Provided entries:
□ □ □ □
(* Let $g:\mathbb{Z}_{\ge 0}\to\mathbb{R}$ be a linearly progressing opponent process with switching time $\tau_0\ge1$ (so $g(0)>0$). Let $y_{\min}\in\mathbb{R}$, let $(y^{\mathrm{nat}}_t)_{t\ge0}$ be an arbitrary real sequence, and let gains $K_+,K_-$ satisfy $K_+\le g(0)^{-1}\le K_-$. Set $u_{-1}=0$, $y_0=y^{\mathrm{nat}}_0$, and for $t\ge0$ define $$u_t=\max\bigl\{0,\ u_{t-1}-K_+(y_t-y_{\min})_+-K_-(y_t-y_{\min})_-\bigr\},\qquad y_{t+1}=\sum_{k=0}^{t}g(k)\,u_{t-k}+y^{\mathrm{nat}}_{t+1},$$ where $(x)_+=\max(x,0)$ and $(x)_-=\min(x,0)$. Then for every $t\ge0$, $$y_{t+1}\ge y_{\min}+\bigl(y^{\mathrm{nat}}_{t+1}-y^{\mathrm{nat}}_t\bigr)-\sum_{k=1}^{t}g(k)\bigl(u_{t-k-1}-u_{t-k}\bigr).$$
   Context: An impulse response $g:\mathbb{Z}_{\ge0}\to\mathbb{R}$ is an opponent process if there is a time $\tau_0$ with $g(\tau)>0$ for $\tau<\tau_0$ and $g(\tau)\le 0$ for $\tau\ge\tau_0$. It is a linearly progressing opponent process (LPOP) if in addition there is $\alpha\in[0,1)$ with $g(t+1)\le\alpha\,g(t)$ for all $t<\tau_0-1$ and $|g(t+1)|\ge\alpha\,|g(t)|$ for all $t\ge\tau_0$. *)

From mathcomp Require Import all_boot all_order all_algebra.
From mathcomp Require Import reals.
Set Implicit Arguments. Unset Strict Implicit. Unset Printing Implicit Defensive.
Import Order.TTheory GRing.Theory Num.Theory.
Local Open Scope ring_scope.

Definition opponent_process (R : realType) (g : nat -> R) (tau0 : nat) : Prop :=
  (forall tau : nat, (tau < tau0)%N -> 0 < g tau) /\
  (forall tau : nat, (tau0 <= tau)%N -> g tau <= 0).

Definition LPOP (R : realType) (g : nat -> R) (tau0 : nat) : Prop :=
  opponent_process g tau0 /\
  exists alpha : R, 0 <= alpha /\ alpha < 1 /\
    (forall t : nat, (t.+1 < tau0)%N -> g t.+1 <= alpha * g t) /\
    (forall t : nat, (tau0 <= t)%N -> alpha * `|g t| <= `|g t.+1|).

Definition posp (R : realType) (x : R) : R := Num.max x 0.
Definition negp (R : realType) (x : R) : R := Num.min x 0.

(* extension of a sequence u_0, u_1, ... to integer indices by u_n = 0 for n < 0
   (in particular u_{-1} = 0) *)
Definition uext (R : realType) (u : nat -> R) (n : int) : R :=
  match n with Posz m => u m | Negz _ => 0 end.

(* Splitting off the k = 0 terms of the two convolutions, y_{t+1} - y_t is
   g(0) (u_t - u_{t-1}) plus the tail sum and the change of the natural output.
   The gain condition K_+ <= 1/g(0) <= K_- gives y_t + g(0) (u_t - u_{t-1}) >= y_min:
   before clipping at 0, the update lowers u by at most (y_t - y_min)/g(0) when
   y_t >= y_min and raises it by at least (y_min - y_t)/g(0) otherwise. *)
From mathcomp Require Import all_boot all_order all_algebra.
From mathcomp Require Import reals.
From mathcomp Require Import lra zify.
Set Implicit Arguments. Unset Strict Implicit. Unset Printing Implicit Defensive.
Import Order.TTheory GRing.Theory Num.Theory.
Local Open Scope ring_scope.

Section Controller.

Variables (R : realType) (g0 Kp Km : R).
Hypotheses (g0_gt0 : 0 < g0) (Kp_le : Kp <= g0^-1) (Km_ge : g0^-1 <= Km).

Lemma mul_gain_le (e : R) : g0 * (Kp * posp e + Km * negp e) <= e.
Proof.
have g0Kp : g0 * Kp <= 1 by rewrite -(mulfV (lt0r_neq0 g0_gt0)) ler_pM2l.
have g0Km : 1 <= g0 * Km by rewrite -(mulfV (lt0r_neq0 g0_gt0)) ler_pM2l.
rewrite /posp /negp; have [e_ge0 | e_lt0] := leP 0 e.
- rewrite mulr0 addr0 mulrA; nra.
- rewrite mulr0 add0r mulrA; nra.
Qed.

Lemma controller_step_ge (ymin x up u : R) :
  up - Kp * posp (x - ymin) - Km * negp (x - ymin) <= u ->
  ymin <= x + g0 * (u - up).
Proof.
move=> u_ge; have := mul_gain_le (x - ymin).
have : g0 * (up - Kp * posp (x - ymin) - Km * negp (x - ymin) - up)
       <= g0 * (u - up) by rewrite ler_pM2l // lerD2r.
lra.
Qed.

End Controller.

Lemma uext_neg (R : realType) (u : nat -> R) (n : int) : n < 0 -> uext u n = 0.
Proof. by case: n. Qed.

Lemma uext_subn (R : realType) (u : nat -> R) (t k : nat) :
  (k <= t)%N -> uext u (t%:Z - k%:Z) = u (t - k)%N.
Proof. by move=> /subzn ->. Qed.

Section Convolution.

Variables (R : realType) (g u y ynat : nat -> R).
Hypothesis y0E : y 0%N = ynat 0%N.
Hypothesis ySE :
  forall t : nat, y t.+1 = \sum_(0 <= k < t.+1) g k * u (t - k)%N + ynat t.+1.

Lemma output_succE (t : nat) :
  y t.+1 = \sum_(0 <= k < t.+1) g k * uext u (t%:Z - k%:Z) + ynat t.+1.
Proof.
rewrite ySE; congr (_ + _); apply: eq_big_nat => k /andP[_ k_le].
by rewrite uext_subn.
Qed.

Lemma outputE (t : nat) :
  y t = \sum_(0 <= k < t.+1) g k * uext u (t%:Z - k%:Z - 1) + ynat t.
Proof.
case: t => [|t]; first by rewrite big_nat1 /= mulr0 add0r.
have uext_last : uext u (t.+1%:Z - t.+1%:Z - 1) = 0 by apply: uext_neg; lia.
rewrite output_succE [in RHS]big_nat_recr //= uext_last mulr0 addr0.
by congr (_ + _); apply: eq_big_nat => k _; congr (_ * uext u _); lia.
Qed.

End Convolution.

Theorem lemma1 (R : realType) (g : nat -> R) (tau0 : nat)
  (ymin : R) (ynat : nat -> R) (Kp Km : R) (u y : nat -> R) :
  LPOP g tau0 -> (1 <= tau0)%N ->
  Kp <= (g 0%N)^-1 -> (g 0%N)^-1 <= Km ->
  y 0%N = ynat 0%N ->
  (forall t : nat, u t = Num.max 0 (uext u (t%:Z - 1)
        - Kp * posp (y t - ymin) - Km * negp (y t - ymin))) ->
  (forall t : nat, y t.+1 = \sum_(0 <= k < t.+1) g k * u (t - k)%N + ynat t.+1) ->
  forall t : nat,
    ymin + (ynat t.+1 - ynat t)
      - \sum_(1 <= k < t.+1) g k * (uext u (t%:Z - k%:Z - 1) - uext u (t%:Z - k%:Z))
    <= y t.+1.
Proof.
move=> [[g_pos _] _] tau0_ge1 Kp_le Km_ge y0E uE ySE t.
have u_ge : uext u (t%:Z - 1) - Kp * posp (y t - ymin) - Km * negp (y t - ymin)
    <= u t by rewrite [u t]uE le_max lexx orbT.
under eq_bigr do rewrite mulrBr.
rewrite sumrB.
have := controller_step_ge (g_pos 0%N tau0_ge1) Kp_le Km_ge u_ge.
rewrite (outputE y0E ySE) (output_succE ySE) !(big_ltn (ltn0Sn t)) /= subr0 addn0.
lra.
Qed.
□ □ □ □
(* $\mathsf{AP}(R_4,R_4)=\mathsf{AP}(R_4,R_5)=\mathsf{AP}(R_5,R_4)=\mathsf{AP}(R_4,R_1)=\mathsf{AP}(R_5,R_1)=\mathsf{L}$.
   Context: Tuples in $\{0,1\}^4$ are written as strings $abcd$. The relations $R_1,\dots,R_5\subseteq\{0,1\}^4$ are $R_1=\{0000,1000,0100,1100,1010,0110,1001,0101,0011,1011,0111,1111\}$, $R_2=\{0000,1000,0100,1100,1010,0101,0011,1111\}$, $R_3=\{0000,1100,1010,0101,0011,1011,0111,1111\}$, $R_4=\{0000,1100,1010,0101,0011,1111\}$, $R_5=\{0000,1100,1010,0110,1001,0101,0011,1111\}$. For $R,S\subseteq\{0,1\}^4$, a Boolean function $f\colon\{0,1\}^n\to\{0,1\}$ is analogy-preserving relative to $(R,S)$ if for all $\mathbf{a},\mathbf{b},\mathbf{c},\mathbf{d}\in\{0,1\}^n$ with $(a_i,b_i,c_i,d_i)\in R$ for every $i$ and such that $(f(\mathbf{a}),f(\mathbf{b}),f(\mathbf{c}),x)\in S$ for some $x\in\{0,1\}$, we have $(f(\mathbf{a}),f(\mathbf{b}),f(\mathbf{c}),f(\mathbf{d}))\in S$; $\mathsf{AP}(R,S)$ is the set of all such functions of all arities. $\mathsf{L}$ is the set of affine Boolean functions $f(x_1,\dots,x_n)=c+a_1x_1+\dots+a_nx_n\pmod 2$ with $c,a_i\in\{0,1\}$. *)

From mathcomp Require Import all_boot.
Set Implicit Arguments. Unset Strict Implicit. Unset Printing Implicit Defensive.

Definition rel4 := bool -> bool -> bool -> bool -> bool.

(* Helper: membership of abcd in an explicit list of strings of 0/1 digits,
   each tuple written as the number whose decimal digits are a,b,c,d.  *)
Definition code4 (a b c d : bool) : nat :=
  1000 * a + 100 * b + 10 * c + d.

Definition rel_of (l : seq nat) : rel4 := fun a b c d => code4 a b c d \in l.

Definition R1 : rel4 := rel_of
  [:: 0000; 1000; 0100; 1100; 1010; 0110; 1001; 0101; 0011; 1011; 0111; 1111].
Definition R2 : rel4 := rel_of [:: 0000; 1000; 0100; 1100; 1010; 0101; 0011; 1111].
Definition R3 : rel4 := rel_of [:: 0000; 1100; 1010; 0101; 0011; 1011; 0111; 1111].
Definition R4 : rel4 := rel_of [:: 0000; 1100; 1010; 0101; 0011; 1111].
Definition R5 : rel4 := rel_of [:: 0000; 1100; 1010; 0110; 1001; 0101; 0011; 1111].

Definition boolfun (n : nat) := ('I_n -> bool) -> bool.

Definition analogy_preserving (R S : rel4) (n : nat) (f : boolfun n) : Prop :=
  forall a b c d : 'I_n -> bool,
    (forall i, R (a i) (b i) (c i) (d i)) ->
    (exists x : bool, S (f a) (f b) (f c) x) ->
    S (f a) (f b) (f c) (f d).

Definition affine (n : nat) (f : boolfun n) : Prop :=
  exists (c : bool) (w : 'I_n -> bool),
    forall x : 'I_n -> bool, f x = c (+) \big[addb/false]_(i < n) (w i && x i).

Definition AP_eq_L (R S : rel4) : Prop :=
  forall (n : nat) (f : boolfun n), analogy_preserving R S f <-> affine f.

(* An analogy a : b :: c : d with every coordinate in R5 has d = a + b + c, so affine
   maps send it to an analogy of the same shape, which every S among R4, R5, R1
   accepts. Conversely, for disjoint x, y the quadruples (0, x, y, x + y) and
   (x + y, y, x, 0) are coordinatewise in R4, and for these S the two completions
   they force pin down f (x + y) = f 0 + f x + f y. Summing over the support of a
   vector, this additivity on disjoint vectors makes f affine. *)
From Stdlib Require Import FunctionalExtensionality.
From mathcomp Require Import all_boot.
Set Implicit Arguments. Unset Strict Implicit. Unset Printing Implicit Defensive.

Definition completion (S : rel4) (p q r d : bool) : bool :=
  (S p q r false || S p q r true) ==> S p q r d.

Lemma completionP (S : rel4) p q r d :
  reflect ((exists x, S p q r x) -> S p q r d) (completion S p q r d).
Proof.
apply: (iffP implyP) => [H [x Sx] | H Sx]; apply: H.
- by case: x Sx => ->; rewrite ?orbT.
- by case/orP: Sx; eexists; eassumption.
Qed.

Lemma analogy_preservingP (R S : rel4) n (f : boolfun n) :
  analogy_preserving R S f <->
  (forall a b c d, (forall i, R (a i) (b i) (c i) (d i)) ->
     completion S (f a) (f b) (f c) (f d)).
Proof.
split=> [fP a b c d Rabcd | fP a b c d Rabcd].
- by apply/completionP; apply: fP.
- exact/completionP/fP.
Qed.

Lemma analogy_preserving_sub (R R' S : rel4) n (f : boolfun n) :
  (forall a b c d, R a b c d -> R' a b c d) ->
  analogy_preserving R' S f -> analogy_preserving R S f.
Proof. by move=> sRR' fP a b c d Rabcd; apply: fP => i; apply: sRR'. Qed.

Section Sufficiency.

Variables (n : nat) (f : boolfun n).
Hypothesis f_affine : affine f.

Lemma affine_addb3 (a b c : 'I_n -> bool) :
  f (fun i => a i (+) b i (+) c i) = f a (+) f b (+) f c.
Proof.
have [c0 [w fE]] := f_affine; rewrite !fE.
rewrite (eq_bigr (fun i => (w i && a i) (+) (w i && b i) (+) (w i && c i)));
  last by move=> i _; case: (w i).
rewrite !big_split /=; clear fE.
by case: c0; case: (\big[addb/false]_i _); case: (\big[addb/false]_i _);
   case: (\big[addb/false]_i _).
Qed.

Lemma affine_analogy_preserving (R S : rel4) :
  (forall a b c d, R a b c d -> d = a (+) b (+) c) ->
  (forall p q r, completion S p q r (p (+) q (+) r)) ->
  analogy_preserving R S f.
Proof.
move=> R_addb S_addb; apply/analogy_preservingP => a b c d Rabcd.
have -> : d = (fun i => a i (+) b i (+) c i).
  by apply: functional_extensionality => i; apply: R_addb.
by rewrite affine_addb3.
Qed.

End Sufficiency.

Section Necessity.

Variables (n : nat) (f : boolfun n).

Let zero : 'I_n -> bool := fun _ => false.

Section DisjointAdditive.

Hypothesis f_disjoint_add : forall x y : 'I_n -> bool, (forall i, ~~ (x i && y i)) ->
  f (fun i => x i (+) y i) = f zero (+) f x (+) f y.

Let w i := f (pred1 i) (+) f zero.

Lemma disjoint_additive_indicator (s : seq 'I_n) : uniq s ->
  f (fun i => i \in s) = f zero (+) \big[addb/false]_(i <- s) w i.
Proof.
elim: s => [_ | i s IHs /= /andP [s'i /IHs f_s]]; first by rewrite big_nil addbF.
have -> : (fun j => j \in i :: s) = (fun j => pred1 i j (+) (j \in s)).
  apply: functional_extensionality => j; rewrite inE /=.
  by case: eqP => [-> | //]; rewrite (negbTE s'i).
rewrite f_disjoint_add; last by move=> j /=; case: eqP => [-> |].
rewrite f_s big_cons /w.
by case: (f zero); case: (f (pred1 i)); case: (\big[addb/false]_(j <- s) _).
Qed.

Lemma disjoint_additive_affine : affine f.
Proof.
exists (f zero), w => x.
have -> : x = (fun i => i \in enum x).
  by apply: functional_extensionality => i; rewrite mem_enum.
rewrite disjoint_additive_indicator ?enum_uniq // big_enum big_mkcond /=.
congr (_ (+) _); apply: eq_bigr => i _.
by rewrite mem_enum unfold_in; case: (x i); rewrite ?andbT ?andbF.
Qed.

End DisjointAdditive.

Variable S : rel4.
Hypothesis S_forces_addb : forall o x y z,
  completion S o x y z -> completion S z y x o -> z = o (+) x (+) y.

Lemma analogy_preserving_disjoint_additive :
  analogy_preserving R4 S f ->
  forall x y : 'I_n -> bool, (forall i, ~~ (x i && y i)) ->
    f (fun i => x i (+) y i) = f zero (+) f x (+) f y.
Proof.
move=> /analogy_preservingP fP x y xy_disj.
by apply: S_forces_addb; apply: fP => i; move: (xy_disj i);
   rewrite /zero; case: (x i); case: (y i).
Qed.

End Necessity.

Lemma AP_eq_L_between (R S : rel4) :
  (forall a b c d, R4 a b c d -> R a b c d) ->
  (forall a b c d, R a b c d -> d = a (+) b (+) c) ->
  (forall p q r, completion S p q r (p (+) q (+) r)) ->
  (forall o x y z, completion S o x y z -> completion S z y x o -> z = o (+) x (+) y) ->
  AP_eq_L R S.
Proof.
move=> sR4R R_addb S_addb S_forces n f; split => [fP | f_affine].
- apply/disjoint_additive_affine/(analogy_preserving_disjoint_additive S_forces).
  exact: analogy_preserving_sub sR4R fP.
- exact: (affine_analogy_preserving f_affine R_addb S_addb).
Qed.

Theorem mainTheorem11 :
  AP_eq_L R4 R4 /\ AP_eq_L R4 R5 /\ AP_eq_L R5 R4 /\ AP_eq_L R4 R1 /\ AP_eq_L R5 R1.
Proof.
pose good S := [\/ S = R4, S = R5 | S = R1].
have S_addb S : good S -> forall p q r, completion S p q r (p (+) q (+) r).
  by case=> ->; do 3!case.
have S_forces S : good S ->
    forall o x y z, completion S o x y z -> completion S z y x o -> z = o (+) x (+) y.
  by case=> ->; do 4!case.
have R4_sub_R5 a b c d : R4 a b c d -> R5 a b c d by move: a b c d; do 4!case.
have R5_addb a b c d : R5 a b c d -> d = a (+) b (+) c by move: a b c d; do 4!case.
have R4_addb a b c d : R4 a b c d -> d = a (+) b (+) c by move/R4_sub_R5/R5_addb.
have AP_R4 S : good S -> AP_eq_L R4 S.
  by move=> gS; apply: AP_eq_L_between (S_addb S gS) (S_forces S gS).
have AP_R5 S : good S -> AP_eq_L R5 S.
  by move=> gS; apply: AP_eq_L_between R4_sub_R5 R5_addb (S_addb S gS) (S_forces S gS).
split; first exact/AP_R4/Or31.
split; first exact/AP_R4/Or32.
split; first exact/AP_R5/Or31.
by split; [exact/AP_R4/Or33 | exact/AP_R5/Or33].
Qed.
□ □ □ □
Problem: Count each line of the entries that holds the word "strings", then state the total and nothing more.

Task solution: 2